Handling on-the-spot input is a bit more complex, in that the application must respond to three additional methods: WM_IME_STARTCOMPOSITION, WM_IME_ENDCOMPOSITION, and WM_IME_COMPOSITION. The WM_IME_STARTCOMPOSITION and WM_IME_ENDCOMPOSITION methods are used to bracket a single on-the-spot editing session. The application needs to respond to WM_IME_STARTCOMPOSITION by creating whatever internal state is necessary for maintaining the on-the-spot composition buffer. Conversely, the application responds to WM_IME_ENDCOMPOSITION by deleting the composition buffer and merging that text into the document.
The WM_IME_COMPOSITION method contains a string which represents the current state of the composition buffer. The application needs to extract this string (using ImmGetCompositionString) along with the associated composition state data and render it in the document. The application will receive a sequence of WM_IME_COMPOSITION events as the status of the composition buffer changes. In windows, the WM_IME_COMPOSITION buffer always contains the complete state of the composition buffer, it is not additive like on other platforms.
Macintosh
The Macintosh uses a protocol composed of four different AppleEvents as well as standard events to support on-the-spot input, while root window input is sent to the application through Get/WaitNextEvent event loop. Like Windows, macintosh does not support off-the-spot or over-the-spot styles.
Root window support is again virtually transparent to the application. The input method and the operating system handle the display of the composition window and it's contents. Once the composition string is confirmed, the operating system sends the application a series of events. An important point to note here is that the Macintosh will send Asian characters as two events with the high byte of the character code in the first event and the low byte in the second event.
On-the-spot input is accomplished through the TSM AppleEvent suite: Position2Offset, Offset2Position, Update, and GetText. The Position2Offset and Offset2Position events are used to map between the document/application's text buffer and global screen coordinates.
The Position2Offset event requests a "hit test" of a particular point in the global screen coordinates. The application responds to this event by constructing a AppleEvent reply consisting of the buffer offset and region class of that particular point. The region class indicates if the point is outside the applications windows, inside one of the applications windows or inside the active composition area. The offset is a fixed (linear) offset from the beginning of the document text buffer or a relative offset (from the start of the active input area) depending on the region class of the point. Offset2Position does the reverse mapping taking an offset and converting it into a global screen coordinate. The offset is relative to the start of the composition region, if it exists; otherwise, it is relative to the start of the text buffer.

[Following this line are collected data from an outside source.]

(* Let $\mathcal{X}\subseteq\mathbb{R}^m$ be countable with ground metric $d$, let $\widehat\nu = \sum_{j=1}^N\widehat\nu_j\delta_{\widehat x_j}$ be a probability mass function supported on $N$ distinct points $\widehat x_1,\dots,\widehat x_N\in\mathcal{X}$ with $\widehat\nu_j>0$ and $\sum_j\widehat\nu_j=1$, and let $x_1,\dots,x_L\in\mathcal{X}$ be a batch of observations. Let $\mathcal{M}_{x_1^L}(\mathcal{X}) = \{\nu\in\mathcal{M}(\mathcal{X}):\nu(x_\ell)>0\ \forall\ell\in[L]\}$ and, for $\varepsilon>0$, $\mathbb{B}_{\mathbb{W}}(\widehat\nu,\varepsilon) = \{\nu\in\mathcal{M}_{x_1^L}(\mathcal{X}) : \mathbb{W}(\nu,\widehat\nu)\le\varepsilon\}$. Then $$\sup_{\nu\in\mathbb{B}_{\mathbb{W}}(\widehat\nu,\varepsilon)}\sum_{\ell=1}^L\log\nu(x_\ell) = \max\Big\{\sum_{\ell=1}^L\log\Big(\sum_{j=1}^N T_{j\ell}\Big) : T\in\mathbb{R}^{N\times L}_+,\ \sum_{j\in[N],\,\ell\in[L]} d(\widehat x_j,x_\ell)\,T_{j\ell}\le\varepsilon,\ \sum_{\ell=1}^L T_{j\ell}\le\widehat\nu_j\ \forall j\in[N]\Big\},$$ and the right-hand side is a finite convex program.
   Context: $\mathcal{M}(\mathcal{X})$ is the set of probability mass functions on $\mathcal{X}$. The type-1 Wasserstein distance is $\mathbb{W}(\nu_1,\nu_2) = \inf_{\lambda\in\Lambda(\nu_1,\nu_2)}\mathbb{E}_\lambda[d(x_1,x_2)]$ over couplings $\lambda$ on $\mathcal{X}\times\mathcal{X}$ with marginals $\nu_1,\nu_2$.
   Formalization: The observations $x_1$, …, $x_L$ are assumed pairwise distinct, and in the objective of the convex program log 0 is taken as −∞. Each condition added here is assumed in the paper as well or is needed for the statement above to hold. *)

From HB Require Import structures.
From mathcomp Require Import all_boot all_order all_algebra.
From mathcomp Require Import all_classical all_reals all_analysis.
Set Implicit Arguments. Unset Strict Implicit. Unset Printing Implicit Defensive.
Import Order.TTheory GRing.Theory Num.Theory.
Local Open Scope classical_set_scope.
Local Open Scope ring_scope.

Section Defs.
Variables (R : realType) (m : nat).
Notation pt := 'rV[R]_m.

Definition is_metric_on (X : set pt) (d : pt -> pt -> R) : Prop :=
  (forall x y, X x -> X y -> 0 <= d x y) /\
  (forall x y, X x -> X y -> (d x y = 0 <-> x = y)) /\
  (forall x y, X x -> X y -> d x y = d y x) /\
  (forall x y z, X x -> X y -> X z -> d x z <= d x y + d y z).

Definition is_pmf (X : set pt) (nu : pt -> R) : Prop :=
  (forall x, 0 <= nu x) /\ (forall x, ~ X x -> nu x = 0) /\
  (\esum_(x in X) (nu x)%:E = 1)%E.

Definition is_coupling (X : set pt) (nu1 nu2 : pt -> R) (lam : pt -> pt -> R) : Prop :=
  (forall x y, 0 <= lam x y) /\
  (forall x y, ~ (X x /\ X y) -> lam x y = 0) /\
  (forall x, \esum_(y in X) (lam x y)%:E = (nu1 x)%:E) /\
  (forall y, \esum_(x in X) (lam x y)%:E = (nu2 y)%:E).

Definition coupling_cost (X : set pt) (d : pt -> pt -> R) (lam : pt -> pt -> R) : \bar R :=
  \esum_(p in X `*` X) (d p.1 p.2 * lam p.1 p.2)%:E.

Definition wass (X : set pt) (d : pt -> pt -> R) (nu1 nu2 : pt -> R) : \bar R :=
  ereal_inf [set c | exists lam, is_coupling X nu1 nu2 lam /\ c = coupling_cost X d lam].

Definition discrete_pmf (N : nat) (xh : 'I_N -> pt) (nuh : 'I_N -> R) : pt -> R :=
  fun x => \sum_(j < N | xh j == x) nuh j.

Definition wass_ball (X : set pt) (d : pt -> pt -> R) (L : nat) (x : 'I_L -> pt)
    (nuh : pt -> R) (eps : R) : set (pt -> R) :=
  [set nu | is_pmf X nu /\ (forall l, 0 < nu (x l)) /\ (wass X d nu nuh <= eps%:E)%E].

Definition elog (s : R) : \bar R := if 0 < s then (ln s)%:E else -oo%E.

Definition cvx_obj (N L : nat) (T : 'M[R]_(N, L)) : \bar R :=
  (\sum_(l < L) elog (\sum_(j < N) T j l))%E.

Definition cvx_feasible (N L : nat) (d : pt -> pt -> R) (xh : 'I_N -> pt) (nuh : 'I_N -> R)
    (x : 'I_L -> pt) (eps : R) (T : 'M[R]_(N, L)) : Prop :=
  (forall j l, 0 <= T j l) /\
  \sum_(j < N) \sum_(l < L) d (xh j) (x l) * T j l <= eps /\
  (forall j, \sum_(l < L) T j l <= nuh j).
End Defs.

From HB Require Import structures.
From mathcomp Require Import all_boot all_order all_algebra.
From mathcomp Require Import all_classical all_reals all_analysis.
From mathcomp Require Import lra.
Import Order.TTheory GRing.Theory Num.Theory.
Import numFieldNormedType.Exports.
Local Open Scope classical_set_scope.
Local Open Scope ring_scope.

(* A feasible T is a partial transport plan: moving the mass T_jl from xh_j to
   x_l and leaving the rest of nuh_j in place yields a coupling of cost at most
   eps whose first marginal nu has nu(x_l) >= sum_j T_jl; hence the supremum is
   at least the value of the program.  Conversely, for nu in the ball and any
   kappa > 1 some coupling lambda of nu and nuh costs less than kappa * eps; the
   matrix lambda(x_l, xh_j) / kappa is then feasible with column sums
   nu(x_l) / kappa, so the supremum exceeds the value by at most L ln kappa.
   Finally the program has a maximizer: truncated below at a small level c, the
   objective is continuous on the compact feasible set, and comparison with a
   uniform plan shows that a maximizer of the truncation has all column sums
   >= c, where truncation is harmless. *)

Set Implicit Arguments.
Unset Strict Implicit.
Unset Printing Implicit Defensive.

Lemma big_option (V : nmodType) (I : finType) (F : option I -> V) :
  \sum_o F o = F None + \sum_i F (Some i).
Proof.
rewrite (bigD1 None) //= (reindex_omap Some id) => [|[i|]//].
by congr (_ + _); apply: eq_bigl => i; rewrite eqxx.
Qed.

Lemma sum_pair (V : nmodType) (I J : finType) (F : I * J -> V) :
  \sum_p F p = \sum_i \sum_j F (i, j).
Proof. by rewrite pair_bigA; apply: eq_bigr => -[]. Qed.

Section dirac_mixture.
Variables (R : realType) (I : finType).

Definition dirac_mix (T : eqType) (z : I -> T) (c : I -> R) (t : T) : R :=
  \sum_i c i * (t == z i)%:R.

Variable T : choiceType.
Implicit Types (z : I -> T) (c : I -> R) (S : set T).

Lemma dirac_mix_ge0 z c t : (forall i, 0 <= c i) -> 0 <= dirac_mix z c t.
Proof. by move=> c0; apply: sumr_ge0 => i _; rewrite mulr_ge0. Qed.

Lemma dirac_mix_out z c t : (forall i, z i != t) -> dirac_mix z c t = 0.
Proof. by move=> zt; apply: big1 => i _; rewrite eq_sym (negbTE (zt i)) mulr0. Qed.

Lemma dirac_mix_inj z c k : injective z -> dirac_mix z c (z k) = c k.
Proof.
move=> zI; rewrite /dirac_mix (bigD1 k) //= eqxx mulr1 big1 ?addr0 // => i ik.
by rewrite (inj_eq zI) eq_sym (negbTE ik) mulr0.
Qed.

Lemma mul_dirac_mix (f : T -> R) z c t :
  f t * dirac_mix z c t = dirac_mix z (fun i => f (z i) * c i) t.
Proof.
rewrite /dirac_mix mulr_sumr; apply: eq_bigr => i _.
by rewrite mulrA; case: eqP => [->|_]; rewrite ?mulr0.
Qed.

The Update event is used to change the status of the composition buffer. The Update event contains a string of characters that need to be drawn in the composition area. Unlike windows, the Macintosh Update event is additive so not all Update events will contain the complete string to draw. The application receives a sequence of Update events as the composition buffer changes. There is no special event like WM_IME_STARTCOMPOSITION signaling beginning of a composition sequence. Ending composition is signaled by a -1 in the composition buffer length.
GetText is used to reverse a commit operation. A user selects some text then does a special Undo operation. The selected text is then converted into a composition area. The application creates a new composition editing area and the composition buffer is initialized the the selected string.
Unix/X-Windows
Unix/X-Windows XIM, X Input Method protocol, uses a callback mechanism to support all four styles of input; however the application and the input method aren't required to support any particular styles. The application selects a style to use by comparing the styles that are supported by both the application and the input method and applying some algorithm to determine which style is the best for that particular language.
Once a style is selected, the application registers the appropriate callbacks with the system and provides (through system calls on the XIC - X Input Context) what ever font or geometry information is required for that style. Root window style requires a minimal amount of work for the application, all it needs to appropriately convert key presses into Input Method input using XwcLookupString or XmbLookupString.
Over-the-Spot style requires the application to provide the input method with information about about the current font and the location (coordinates) of the spot. The application must change the font and spot location information (through XSetICValue) as the document editing progresses.
Off-the-Spot requires the application to provide the same information as Over-the-Spot, but it also must handle geometry negotiation with the input method. Since the input method needs to draw text in an area of the applications window, the application needs to register a Geometry negotiation callback with the system so that the input method can request a larger area if necessary, or can be informed of changes to the application window's geometry.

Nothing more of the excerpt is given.